== TASK TO COMPLETE ==
Output each entry exactly as written.

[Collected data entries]
★ ★ ★ ★

(* Let $\mathbbm{k}$ be an algebraically closed field of characteristic $0$, and let $\mathscr{A}_1$ be the connected cochain DG algebra whose underlying graded algebra is the free algebra $\mathscr{A}_1^{\#}=\mathbbm{k}\langle x_1,x_2,x_3\rangle$ with $|x_1|=|x_2|=|x_3|=1$, and whose differential is determined by $\partial(x_1)=x_3^2$, $\partial(x_2)=x_2^2$, $\partial(x_3)=0$ (extended by the graded Leibniz rule). Then the cohomology ring of $\mathscr{A}_1$ is $$H(\mathscr{A}_1)=\frac{\mathbbm{k}[\lceil x_3 \rceil, \lceil x_1x_3+x_3x_1 \rceil]}{( \lceil x_3\rceil^2 )},$$ i.e. it is the commutative algebra generated by the classes $\lceil x_3\rceil$ (degree $1$) and $\lceil x_1x_3+x_3x_1\rceil$ (degree $2$) subject only to $\lceil x_3\rceil^2=0$.
   Context: A cochain DG algebra is a $\mathbb{Z}$-graded algebra $\mathscr{A}$ with a degree $1$ differential $\partial$ satisfying $\partial^2=0$ and $\partial(ab)=\partial(a)b+(-1)^{|a|}a\partial(b)$ for homogeneous $a,b$. For a cocycle $z$, $\lceil z\rceil$ denotes its cohomology class in $H(\mathscr{A})$. *)

From HB Require Import structures.
From mathcomp Require Import all_boot all_order all_algebra.
Set Implicit Arguments. Unset Strict Implicit. Unset Printing Implicit Defensive.
Import GRing.Theory.
Local Open Scope ring_scope.

(* The free graded algebra K<x1,x2,x3>, |xi| = 1.  Its degree-n component has
   the words of length n over {x1,x2,x3} as a basis; a homogeneous element of
   degree n is its coefficient function on words.  Letters are 'I_3:
   index 0 = x1, index 1 = x2, index 2 = x3. *)

Definition word (n : nat) := n.-tuple 'I_3.

Section FreeDGA.
Variable K : fieldType.

Local Notation cochain n := {ffun word n -> K^o}.

Definition dga_mul m n (a : cochain m) (b : cochain n) : cochain (m + n) :=
  [ffun w : word (m + n) =>
     \sum_(u : word m) \sum_(v : word n)
        a u * b v * ((val w == val u ++ val v)%B)%:R].

Definition dga_one : cochain 0 := [ffun _ => 1].

Definition dga_gen (i : 'I_3) : cochain 1 := [ffun w : word 1 => ((val w == [:: i])%B)%:R].

Definition L1 : 'I_3 := @Ordinal 3 0 isT.
Definition L2 : 'I_3 := @Ordinal 3 1 isT.
Definition L3 : 'I_3 := @Ordinal 3 2 isT.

★ ★ ★ ★

== SOLUTION FOR THIS EXERCISE ==
(* Let $\mathbbm{k}$ be an algebraically closed field of characteristic $0$, and let $\mathscr{A}_1$ be the connected cochain DG algebra whose underlying graded algebra is the free algebra $\mathscr{A}_1^{\#}=\mathbbm{k}\langle x_1,x_2,x_3\rangle$ with $|x_1|=|x_2|=|x_3|=1$, and whose differential is determined by $\partial(x_1)=x_3^2$, $\partial(x_2)=x_2^2$, $\partial(x_3)=0$ (extended by the graded Leibniz rule). Then the cohomology ring of $\mathscr{A}_1$ is $$H(\mathscr{A}_1)=\frac{\mathbbm{k}[\lceil x_3 \rceil, \lceil x_1x_3+x_3x_1 \rceil]}{( \lceil x_3\rceil^2 )},$$ i.e. it is the commutative algebra generated by the classes $\lceil x_3\rceil$ (degree $1$) and $\lceil x_1x_3+x_3x_1\rceil$ (degree $2$) subject only to $\lceil x_3\rceil^2=0$.
   Context: A cochain DG algebra is a $\mathbb{Z}$-graded algebra $\mathscr{A}$ with a degree $1$ differential $\partial$ satisfying $\partial^2=0$ and $\partial(ab)=\partial(a)b+(-1)^{|a|}a\partial(b)$ for homogeneous $a,b$. For a cocycle $z$, $\lceil z\rceil$ denotes its cohomology class in $H(\mathscr{A})$. *)

From HB Require Import structures.
From mathcomp Require Import all_boot all_order all_algebra.
Set Implicit Arguments. Unset Strict Implicit. Unset Printing Implicit Defensive.
Import GRing.Theory.
Local Open Scope ring_scope.

(* The free graded algebra K<x1,x2,x3>, |xi| = 1.  Its degree-n component has
   the words of length n over {x1,x2,x3} as a basis; a homogeneous element of
   degree n is its coefficient function on words.  Letters are 'I_3:
   index 0 = x1, index 1 = x2, index 2 = x3. *)

Definition word (n : nat) := n.-tuple 'I_3.

Section FreeDGA.
Variable K : fieldType.

Local Notation cochain n := {ffun word n -> K^o}.

Definition dga_mul m n (a : cochain m) (b : cochain n) : cochain (m + n) :=
  [ffun w : word (m + n) =>
     \sum_(u : word m) \sum_(v : word n)
        a u * b v * ((val w == val u ++ val v)%B)%:R].

Definition dga_one : cochain 0 := [ffun _ => 1].

Definition dga_gen (i : 'I_3) : cochain 1 := [ffun w : word 1 => ((val w == [:: i])%B)%:R].

Definition L1 : 'I_3 := @Ordinal 3 0 isT.
Definition L2 : 'I_3 := @Ordinal 3 1 isT.
Definition L3 : 'I_3 := @Ordinal 3 2 isT.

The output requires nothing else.